In its 2023/24 annual report, the Court of Auditors, chaired by Zineb El Adaoui, sounds the alarm on the situation of public finances in the medium and long term. It highlights the major risks facing the pension system and emphasizes the urgency of structural reform to guarantee its sustainability.
The report points out the critical situation of the Moroccan Pension Fund (CMR), which has an alarming technical deficit of 9.8 billion dirhams in 2023. According to data from the Ministry of Economy and Finance, the reserves of the CMR risks running out by 2028 if no corrective action is taken.
Faced with this situation, the government plans to deploy a comprehensive pension fund reform plan, with priority given to the CMR. Among the measures being considered are raising the retirement age and increasing contribution rates – proposals which are already sparking heated debate.
For the Court of Auditors, guaranteeing the sustainability of the system requires ambitious structural reform. In particular, it recommends expanding membership in retirement systems from 2025, by including people carrying out an activity without benefiting from a pension. The objective is clear: include uncovered workers to reduce inequalities and strengthen the financing of the system.
The report recalls that the parametric reforms put in place since 2016 for the CMR civil pensions system and in 2021 for the RCAR (Collective Retirement Allowance Scheme) were not sufficient to restore financial balance. Consequence: the depletion of reserves accelerates at varying timescales.

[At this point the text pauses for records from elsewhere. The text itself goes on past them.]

Theorem lemma2p4 (A B : Cat) (f : Functor A B) :
  injective (fob f) <->
  exists (X Y : SSet) (g : SSetMor X Y),
    mono g /\
    exists (PX PY : Cat) (etaX : ToNerve X PX) (etaY : ToNerve Y PY)
           (h : Functor PX PY),
      [/\ fundamental etaX, fundamental etaY,
          (forall n (x : sx X n), Fcomp h (tn etaX x) = tn etaY (smap g x)) &
          arrow_iso f h].
Proof.
split=> [f_inj | [X [Y [g [g_mono [PX [PY [etaX [etaY [h [etaX_fund etaY_fund h_g fh]]]]]]]]]]].
- exists (lnerve_cat A), (lnerve_ext f), (lnerve_incl f).
  split; first exact/lnerve_map_mono/label_map_inj.
  exists A, B, (lnerve_cat_unit A), (lnerve_ext_unit f), f; split.
  + exact: lnerve_cat_fundamental.
  + exact: lnerve_ext_fundamental.
  + exact: lnerve_incl_unit.
  + exact: arrow_iso_refl.
- apply: arrow_iso_injective_ob fh _.
  exact: fundamental_mono_injective_ob etaX_fund etaY_fund g_mono h_g.
Qed.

To remedy this, the Court recommends temporarily maintaining the optional nature of the regime for self-employed workers, while aiming for gradual generalization. She also insists on the need to offer this category a reasonable replacement rate, guaranteeing a decent pension. Finally, she suggests exploring alternative financing mechanisms, such as tax incentives.
Alongside these challenges, the Court of Auditors highlights the growing pressures on public finances. In a context marked by increased spending and difficulties in mobilizing resources, it calls for concrete measures to restore budgetary balances, control the public deficit and debt, rationalize the Treasury’s special accounts and ensure rigorous monitoring. of the performance of public finances.
The report places particular emphasis on the programming of budgetary expenditure. He insists on the importance of improving the planning of public expenditure of the three branches of the State: the general budget, autonomously managed public establishments, and the special accounts of the Treasury.
The Court of Auditors deplores the absence of formal and harmonized mechanisms for the selection, monitoring and evaluation of investment projects, at all phases of their cycle. She insists on the imperative of adopting an effective performance methodology to assess the quality of spending, noting that indicators linked to means still represent 50% of overall indicators.
Also, the Court recommends controlling compulsory expenditure, in particular those relating to civil servants’ salaries, the Treasury debt and subsidies from the compensation fund and improving the precision of three-year budget forecasts to guarantee their reliability.
It also recommends clarifying the conditions for using additional credits and freezing certain investments.
In order to optimize budgetary management, the Court of Auditors calls for better documentation of the work involving those involved in budgetary programming. She recommends clarifying responsibilities through the development of the Management Charter, mentioned in the circular from the Head of Government. In addition, it advocates secure interconnection of information systems and rigorous management control to guarantee data quality.
Finally, the Court of Auditors reaffirms the need to improve the budgetary programming of investments, by ensuring better control of credit carryovers and by integrating recurring expenditure linked to completed projects into the forecasts.